The election of President Obama and his inauguration also rank high on his list. Hatter describes how Busboys and Poets became “grand central of the celebration” and how the mood “was like being at Mardi Gras.” Busboys remained open for 24 hours during the election and the inauguration. One of the most special moments of the whole time was a dinner held by the NAACP. Hatter recounts “it was just amazing to be an African American and to be here amongst people who are trying to direct policy and some of the most famous African Americans of my lifetime. It was amazing to witness.”
With a genial smirk, Hatter also recounts two very trying days as among some of his fondest. One in which the computer system crashed during the State of the Union speech, yet Hatter and his staff were able to seamlessly keep things running without any customers noticing nor any interruption to the service. The second being “Snowmageddon.” Despite the three feet of snow that incapacitated much of the city, Hatter and all of his staff trudged through the snow and arrived to open the restaurant on time. This dedication to ensuring that Busboys and Poets runs at its fullest potential is something Hatter holds dear. As he says, “this really is a meeting place.
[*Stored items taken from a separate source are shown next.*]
(* For every $\tau\in\Gamma_S^\infty$, every integer $R\ge1$ and every $x\in(0,1]$, $$P_\tau(x)\;\ge\;1-\frac1R-x\,|\bar{\mathcal B}_R|.$$
   Context: $\Gamma$ is the set of planar rooted, locally finite trees whose root $r$ has degree one; $\Gamma_S^\infty\subset\Gamma$ is the set of infinite trees with exactly one infinite non-backtracking path from $r$ (the spine), with spine vertices $s_1,s_2,\dots$ ordered away from $r$ (set $s_0=r$). $|G|$ is the number of edges of a graph $G$. For $i\ge1$, $\mathcal A^i$ is the component containing $s_i$ after deleting the spine edges $\{s_{i-1},s_i\},\{s_i,s_{i+1}\}$; the hull $\bar{\mathcal B}_R$ is the union of the spine path from $r$ to $s_R$ and $\mathcal A^1,\dots,\mathcal A^R$, so $|\bar{\mathcal B}_R|=R+\sum_{i=1}^R|\mathcal A^i|$. For simple random walk $\omega$ on $\tau$ started at $r$, $P_\tau(x)=\sum_{t\ge1}\mathbb P(\omega(t)=r,\ \omega(t')\ne r\text{ for }0<t'<t\mid \omega(0)=r)(1-x)^{t/2}$ is the generating function of first-return probabilities to the root. *)

From Stdlib Require Import Reals List Lia.
Import ListNotations.
Open Scope R_scope.

(* Planar rooted locally finite trees, Ulam-Harris encoding.               *)
(* A tree is given by  ch : list nat -> nat,  the number of children of     *)
(* each vertex.  Vertices are lists of child indices written from the       *)
(* vertex back to the root (head = last step): the root r is [], the        *)
(* children of v are  i :: v  for i < ch v (ordered by i: planar order),    *)
(* and the parent of  i :: v  is  v.  Only lists reachable in this way are  *)
(* vertices of the tree; the walk below never leaves them.                  *)

Definition Tree := list nat -> nat.

Definition children (ch : Tree) (v : list nat) : list (list nat) :=
  map (fun i => i :: v) (seq 0 (ch v)).

Definition nbrs (ch : Tree) (v : list nat) : list (list nat) :=
  children ch v ++ match v with [] => [] | _ :: p => [p] end.

Definition deg (ch : Tree) (v : list nat) : nat :=
  ch v + match v with [] => 0%nat | _ => 1%nat end.

Definition root_deg_one (ch : Tree) : Prop := deg ch [] = 1%nat.

(* An infinite non-backtracking path from r is a sequence of child choices  *)
(* s : nat -> nat; its n-th vertex is ray s n.                              *)
Fixpoint ray (s : nat -> nat) (n : nat) : list nat :=
  match n with
  | O => []
  | S m => s m :: ray s m
  end.

Definition is_ray (ch : Tree) (s : nat -> nat) : Prop :=
  forall n, (s n < ch (ray s n))%nat.

(* tau in Gamma_S^infty with spine sp: root of degree one, sp is an infinite *)
(* non-backtracking path from r, and it is the only one.                    *)
Definition spine_of (ch : Tree) (sp : nat -> nat) : Prop :=
  root_deg_one ch /\ is_ray ch sp /\
  (forall s', is_ray ch s' -> forall n, s' n = sp n).

(* Hull  bar B_R: the spine path r..s_R together with A^1,...,A^R, i.e.     *)
(* all vertices except those in the subtree rooted at s_{R+1}.  It is a     *)
(* subtree, so |bar B_R| = (#vertices) - 1 = R + sum_i |A^i|.               *)

Fixpoint level (ch : Tree) (n : nat) : list (list nat) :=
  match n with
  | O => [ [] ]
  | S m => flat_map (children ch) (level ch m)
  end.

Definition in_subtree (v w : list nat) : bool :=
  if Nat.leb (length v) (length w) then
    if list_eq_dec Nat.eq_dec (skipn (length w - length v) w) v then true else false
  else false.

Definition in_hull (sp : nat -> nat) (Rr : nat) (w : list nat) : bool :=
  negb (in_subtree (ray sp (S Rr)) w).

Fixpoint hull_vertices_upto (ch : Tree) (sp : nat -> nat) (Rr d : nat) : nat :=
  match d with
  | O => length (filter (in_hull sp Rr) (level ch 0))
  | S e => (hull_vertices_upto ch sp Rr e
            + length (filter (in_hull sp Rr) (level ch (S e))))%nat
  end.

(* |bar B_R| = N : the (eventually constant) number of vertices of the hull *)
(* minus one, i.e. its number of edges.                                     *)
Definition hull_edges_eq (ch : Tree) (sp : nat -> nat) (Rr N : nat) : Prop :=
  exists d0, forall d, (d0 <= d)%nat -> hull_vertices_upto ch sp Rr d = S N.

(* hit ch n u = P(walk started at u is at r at time n and not before).      *)

Definition sumR (l : list R) : R := fold_right Rplus 0 l.

Fixpoint hit (ch : Tree) (n : nat) (u : list nat) : R :=
  match n with
  | O => match u with [] => 1 | _ => 0 end
  | S m => match u with
           | [] => 0
           | _ => sumR (map (fun w => hit ch m w / INR (deg ch u)) (nbrs ch u))
           end
  end.

(* first return probability to r at time t (t >= 1), 0 for t = 0 *)
Definition first_return (ch : Tree) (t : nat) : R :=
  match t with
  | O => 0
  | S m => sumR (map (fun w => hit ch m w / INR (deg ch [])) (nbrs ch []))
  end.

(* t-th term of P_tau(x) = sum_{t>=1} first_return t * (1-x)^(t/2) *)
Definition P_term (ch : Tree) (x : R) (t : nat) : R :=
  first_return ch t * (sqrt (1 - x)) ^ t.

(* Since the root has one child s_1, P_tau(x) = sum_m h_m (1-x)^((m+1)/2) where
   h_m is the probability that the walk from s_1 hits the root at time m.  We
   keep only the paths staying in the hull bar B_R (killing the walk when it
   leaves) and argue with three functions on the tree:
   - the spine potential V = 1 - k/(R+1) (k the spine depth), harmonic for the
     killed walk, so that P(return within n steps) >= V(s_1) - P(alive at n);
   - a Lyapunov function W (sum of 2|subtree|-1 along the path from the root),
     with 1 + mean W <= W on the hull, so that n P(alive at n) <= W(s_1) and
     E[return time] <= W(s_1) + 1, where W(s_1) = 2|bar B_R| - 1;
   - Bernoulli's inequality (1-x)^k >= 1 - kx on the (even) return times. *)

From Stdlib Require Import Reals List Lia Lra.
Import ListNotations.
Open Scope R_scope.

Lemma sumR_app (l1 l2 : list R) : sumR (l1 ++ l2) = sumR l1 + sumR l2.
Proof. induction l1 as [|a l IH]; simpl; [lra | rewrite IH; lra]. Qed.

Lemma sumR_map_plus {A} (f g : A -> R) (l : list A) :
  sumR (map (fun w => f w + g w) l) = sumR (map f l) + sumR (map g l).
Proof. induction l as [|a l IH]; simpl; [lra | rewrite IH; lra]. Qed.

Lemma sumR_map_scal {A} (c : R) (f : A -> R) (l : list A) :
  sumR (map (fun w => c * f w) l) = c * sumR (map f l).
Proof. induction l as [|a l IH]; simpl; [lra | rewrite IH; lra]. Qed.

Lemma sumR_map_div {A} (f : A -> R) (d : R) (l : list A) :
  sumR (map (fun w => f w / d) l) = sumR (map f l) / d.
Proof. induction l as [|a l IH]; simpl; unfold Rdiv in *; [lra | rewrite IH; lra]. Qed.

Lemma sumR_map_const {A} (c : R) (l : list A) :
  sumR (map (fun _ => c) l) = INR (length l) * c.
Proof. induction l as [|a l IH]; simpl length; rewrite ?S_INR; simpl; [lra | rewrite IH; lra]. Qed.

Lemma sumR_map_le {A} (f g : A -> R) (l : list A) :
  (forall w, In w l -> f w <= g w) -> sumR (map f l) <= sumR (map g l).
Proof.
  induction l as [|a l IH]; simpl; intros H; [lra|].
  pose proof (H a (or_introl eq_refl)). pose proof (IH (fun w h => H w (or_intror h))). lra.
Qed.

Lemma sumR_map_ext {A} (f g : A -> R) (l : list A) :
  (forall w, In w l -> f w = g w) -> sumR (map f l) = sumR (map g l).
Proof.
  induction l as [|a l IH]; simpl; intros H; [lra|].
  rewrite (H a (or_introl eq_refl)), (IH (fun w h => H w (or_intror h))); lra.
Qed.

Lemma sumR_map_nonzero {A} (f : A -> R) (l : list A) :
  sumR (map f l) <> 0 -> exists w, In w l /\ f w <> 0.
Proof.
  induction l as [|a l IH]; simpl; intros H; [lra|].
  destruct (Req_dec (f a) 0) as [E|E]; [|eauto].
  destruct IH as [w [Hw Hf]]; [rewrite E in H; lra | eauto].
Qed.

Lemma sumR_indicator (a : nat) (c : R) (n : nat) : (a < n)%nat ->
  sumR (map (fun j => if Nat.eqb j a then c else 0) (seq 0 n)) = c.
Proof.
  induction n as [|n IH]; intros H; [lia|].
  rewrite seq_S, map_app, sumR_app. simpl.
  destruct (Nat.eqb_spec n a) as [->|E]; [|rewrite IH by lia; lra].
  rewrite (sumR_map_ext _ (fun _ => 0)), sumR_map_const; [lra|].
  intros w Hw. apply in_seq in Hw. destruct (Nat.eqb_spec w a); [lia | reflexivity].
Qed.

Lemma INR_list_sum {A} (f : A -> nat) (l : list A) :
  INR (list_sum (map f l)) = sumR (map (fun c => INR (f c)) l).
Proof. induction l as [|a l IH]; simpl; auto. rewrite plus_INR, IH. reflexivity. Qed.

Fixpoint psum (f : nat -> R) (n : nat) : R :=
  match n with O => 0 | S k => psum f k + f k end.

Lemma psum_shift (f : nat -> R) (n : nat) : psum f (S n) = f O + psum (fun m => f (S m)) n.
Proof. induction n as [|n IH]; simpl in *; [lra | rewrite IH; lra]. Qed.

Lemma psum_ext (f g : nat -> R) (n : nat) :
  (forall m, (m < n)%nat -> f m = g m) -> psum f n = psum g n.
Proof. induction n as [|n IH]; simpl; intros H; [lra|]. rewrite IH, H; [lra | lia | auto]. Qed.

Lemma psum_le (f g : nat -> R) (n : nat) :
  (forall m, (m < n)%nat -> f m <= g m) -> psum f n <= psum g n.
Proof.
  induction n as [|n IH]; simpl; intros H; [lra|].
  pose proof (H n ltac:(lia)). pose proof (IH ltac:(auto)). lra.
Qed.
People really look at is as their home and you can’t shut them out of their home.”
As Hatter looks towards his future beyond Busboys and Poets, he is ready to dedicate some time to himself. He’s not entirely sure where the creative projects he is currently working on will take him, but is trying to live up to one of his favorite Toni Morrison quotes, “You have to get off the porch.” So for now Hatter’s plan is to “step away from the safety of the porch. It’s scary and it’s exciting but you never know what you can do until you start doing it.”
While the Teaching for Change staff will greatly miss his warm presence and integrity at Busboys and Poets, we wish him the very best as he steps away from the porch. We hope he’ll stop back by the home he has created at Busboys and Poets every once in a while to keep us up to date on his adventures and of course to pick up a book or two.
Interview and profile by Rachel Mullin.